購物籃分析又稱關聯分析,從大量的交易資料中探勘資料間具有相關性的隱藏商業規則,其中最經典的就是啤酒與尿布的例子。 以下透過 R 進行簡單範例的操作與說明。
首先安裝與載入 arules 套件
# install.packages("arules", repos="http://cran.us.r-project.org")
library ( arules )
## Warning: 套件 'arules' 是用 R 版本 4.2.3 來建造的
## 載入需要的套件:Matrix
## Warning: 套件 'Matrix' 是用 R 版本 4.2.3 來建造的
##
## 載入套件:'arules'
## 下列物件被遮斷自 'package:base':
##
## abbreviate, write
接下來選擇使用 arules 套件內建的 Groceries (食品雜貨) 資料集,獲取其摘要訊息。
data("Groceries")
summary(Groceries)
## transactions as itemMatrix in sparse format with
## 9835 rows (elements/itemsets/transactions) and
## 169 columns (items) and a density of 0.02609146
##
## most frequent items:
## whole milk other vegetables rolls/buns soda
## 2513 1903 1809 1715
## yogurt (Other)
## 1372 34055
##
## element (itemset/transaction) length distribution:
## sizes
## 1 2 3 4 5 6 7 8 9 10 11 12 13 14 15 16
## 2159 1643 1299 1005 855 645 545 438 350 246 182 117 78 77 55 46
## 17 18 19 20 21 22 23 24 26 27 28 29 32
## 29 14 14 9 11 4 6 1 1 1 1 3 1
##
## Min. 1st Qu.
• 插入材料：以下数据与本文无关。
(* The subgroups generated by the reflections of either family. *)
Definition t_family_group : seq nat := [:: 0; 1; 4; 27; 42; 48; 54; 57; 66; 72; 78; 81; 85; 90;
  94; 105; 108; 111; 116; 123; 124; 133; 138; 142].

Definition u_family_group : seq nat := [:: 0; 2; 8; 29; 34; 53; 58; 60; 66; 68; 71; 78; 81; 90;
  94; 102; 107; 111; 113; 118; 119; 132; 134; 142].

Definition family_group (f : bool) : seq nat := if f then u_family_group else t_family_group.

Definition family_group_ok (f : bool) : bool :=
  [&& 0%N \in family_group f, val (if f then t_idx else u_idx) \notin family_group f &
      all (fun r => ((cls r).1 == f) ==> all (fun i => (val i \in family_group f) ==>
        (val (g7_mul (refl r) i) \in family_group f) &&
        (val (g7_mul (g7_inv_idx (refl r)) i) \in family_group f)) elts) refls].

Lemma family_group_check : family_group_ok false && family_group_ok true.
Proof. by vm_compute. Qed.

Lemma generates_G5_other_family L f :
  generates (map rho L) G5 -> has (fun r => (cls r).1 != f) L.
Proof.
move=> genL; apply/negPn/negP => /hasPn sameL.
have /and3P[f0 fx f_closed] : family_group_ok f by case/andP: family_group_check; case: (f).
have /genL : G5 (elt (if f then t_idx else u_idx)).
  by apply: generated_mem; case: (f); rewrite ?elt_t ?elt_u !inE eqxx ?orbT.
case/(generated_elt (S := fun i : 'I_144 => val i \in family_group f) f0).
  move=> y /mapP[r rL ->]; exists (refl r) => // i fi.
  have fr : (cls r).1 == f by rewrite -[_ == _]negbK sameL.
  exact: implyP (all_ordsP (implyP (all_ordsP f_closed r) fr) i) fi.
by move=> i fi /elt_inj ix; move: fx; rewrite ix fi.
Qed.
Lemma ge0_integral_eq_of_cylinders {d1 d2}
    {T1 : measurableType d1} {T2 : measurableType d2}
    {P1 : probability T1 R} {P2 : probability T2 R}
    {Y1 : K -> T1 -> R} {Y2 : K -> T2 -> R} :
  (forall k, measurable_fun setT (Y1 k)) ->
  (forall k, measurable_fun setT (Y2 k)) ->
  (forall B : K -> set R, (forall k, measurable (B k)) ->
     P1 [set t | forall k, B k (Y1 k t)] = P2 [set t | forall k, B k (Y2 k t)]) ->
  forall phi : cylinder_space -> R, measurable_fun setT phi -> (forall v, 0 <= phi v) ->
  (\int[P1]_t (phi (fun k => Y1 k t))%:E = \int[P2]_t (phi (fun k => Y2 k t))%:E)%E.
Proof.
move=> mY1 mY2 hB phi mphi phi0.
have mphiE : measurable_fun setT (EFin \o phi) by apply/measurable_EFinP.
pose X1 : {mfun T1 >-> cylinder_space} := HB.pack ((fun t k => Y1 k t) : T1 -> _)
  (isMeasurableFun.Build _ _ T1 _ _ (measurable_cylinder_map mY1)).
pose X2 : {mfun T2 >-> cylinder_space} := HB.pack ((fun t k => Y2 k t) : T2 -> _)
  (isMeasurableFun.Build _ _ T2 _ _ (measurable_cylinder_map mY2)).
transitivity (\int[distribution P1 X1]_v (phi v)%:E)%E.
  by rewrite ge0_integral_distribution// => v; rewrite lee_fin.
transitivity (\int[distribution P2 X2]_v (phi v)%:E)%E;
  last by rewrite ge0_integral_distribution// => v; rewrite lee_fin.
apply: eq_measure_integral => A mA _.
apply: (@g_sigma_algebra_measure_unique _ R cylinder_space cylinders _ (fun _ => setT)
  _ _ (distribution P1 X1) (distribution P2 X2)) => //.
- by move=> C hC; exact: sub_sigma_algebra.
- by move=> _; exact: cylindersT.
- by apply/seteqP; split => // v _; exists 0%N.
- exact: cylindersI.
- by move=> _ [B [mB ->]]; rewrite -[LHS]/(P1 [set t | forall k, B k (Y1 k t)]) hB.
- by move=> _; rewrite -[X in (X < _)%E]/(P1 setT) probability_setT ltry.
Qed.

End CylinderLaw.

Section ProbabilityFacts.
Context {d} {T : measurableType d} {R : realType}.

Lemma ge0_integral_sum_in (mu : {measure set T -> \bar R}) (I : finType)
    (A : {pred I}) (g : I -> T -> R) :
  (forall i, measurable_fun setT (g i)) -> (forall i t, 0 <= g i t) ->
  (\int[mu]_t (\sum_(i in A) g i t)%:E = \sum_(i in A) \int[mu]_t (g i t)%:E)%E.
Proof.
move=> mg g0; under eq_integral do rewrite -sumEFin -big_enum.
rewrite ge0_integral_sum ?big_enum // => [i|i t _]; last by rewrite lee_fin.
by apply/measurable_EFinP; exact: mg.
Qed.
Theorem lemma26 (T : finType) (e : rel T) (W : {set T}) :
  simple_graph e -> connected_graph e ->
  9 <= #|T| ->
  twin_number e = #|T| - 4 ->
  tau_set e W ->
  is_clique e W ->
  #|nbhd_set e W :\: W| = 2 ->
  partition_dimension e = #|T| - 3.
Proof.
move=> [e_sym e_irr] _ T_ge9 tauG tauW clqW /eqP/cards2P [a [b [ab NW]]].
have [twW cardW] := tauW; rewrite tauG in cardW.
have T_gt1 : 1 < #|T| by lia.
have NW_out x : x \in nbhd_set e W :\: W -> x \in ~: W by case/setDP => _; rewrite inE.
have aCW : a \in ~: W by apply: NW_out; rewrite NW !inE eqxx.
have bCW : b \in ~: W by apply: NW_out; rewrite NW !inE eqxx orbT.
have aW : a \notin W by rewrite -in_setC.
have adj_out w x : w \in W -> x \notin W -> e w x = (x \in [:: a; b]).
  by move=> wW xW; rewrite (twins_adj_outside twW wW xW) NW !inE.
have cardCW : #|~: W| = 4 by rewrite cardsCs setCK cardW; lia.
have [c [d [abcd_uniq CW]]] := card4_enum cardCW aCW bCW ab.
have outside_W x : (x \notin W) = (x \in [:: a; b; c; d]) by rewrite -CW inE.
have no_twin z w : z \notin W -> w \in W -> ~~ twins e z w.
  by move=> zW wW; apply: tau_set_outside_twin tauW wW zW.
have [|P locP cardP] :=
  gadget_partition e_sym e_irr clqW abcd_uniq outside_W adj_out no_twin.
  by rewrite cardW; lia.
apply/eqP; rewrite eqn_leq; apply/andP; split.
  by apply: leq_trans (bigminn_leq_cond _ _ locP) _; rewrite cardW in cardP; lia.
apply: leq_bigminn => [|P' locP']; first exact: leq_subr.
have adj_a : {in W, forall w, e w a} by move=> w wW; rewrite adj_out // inE eqxx.
have := card_locating_gt e_sym e_irr T_gt1 locP' twW clqW aW adj_a.
by rewrite cardW; lia.
Qed.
Median Mean 3rd Qu. Max.
## 1.000 2.000 3.000 4.409 6.000 32.000
##
## includes extended item information - examples:
## labels level2 level1
## 1 frankfurter sausage meat and sausage
## 2 sausage sausage meat and sausage
## 3 liver loaf sausage meat and sausage
展示 Groceries 資料集的前八條交易資料:
inspect(Groceries[1:8])
## items
## [1] {citrus fruit,
## semi-finished bread,
## margarine,
## ready soups}
## [2] {tropical fruit,
## yogurt,
## coffee}
## [3] {whole milk}
## [4] {pip fruit,
## yogurt,
## cream cheese ,
## meat spreads}
## [5] {other vegetables,
## whole milk,
## condensed milk,
## long life bakery product}
## [6] {whole milk,
## butter,
## yogurt,
## rice,
## abrasive cleaner}
## [7] {rolls/buns}
## [8] {other vegetables,
## UHT-milk,
## rolls/buns,
## bottled beer,
## liquor (appetizer)}
一條交易資料及代表一位消費者購物籃內的商品類別,例如第一位消費者購買了 柑橘類水果 (citrus fruits) 、半成品麵包 (semi-finished bread)、人造奶油 (margarine)、 現成即食湯 (ready soups) 四種品項。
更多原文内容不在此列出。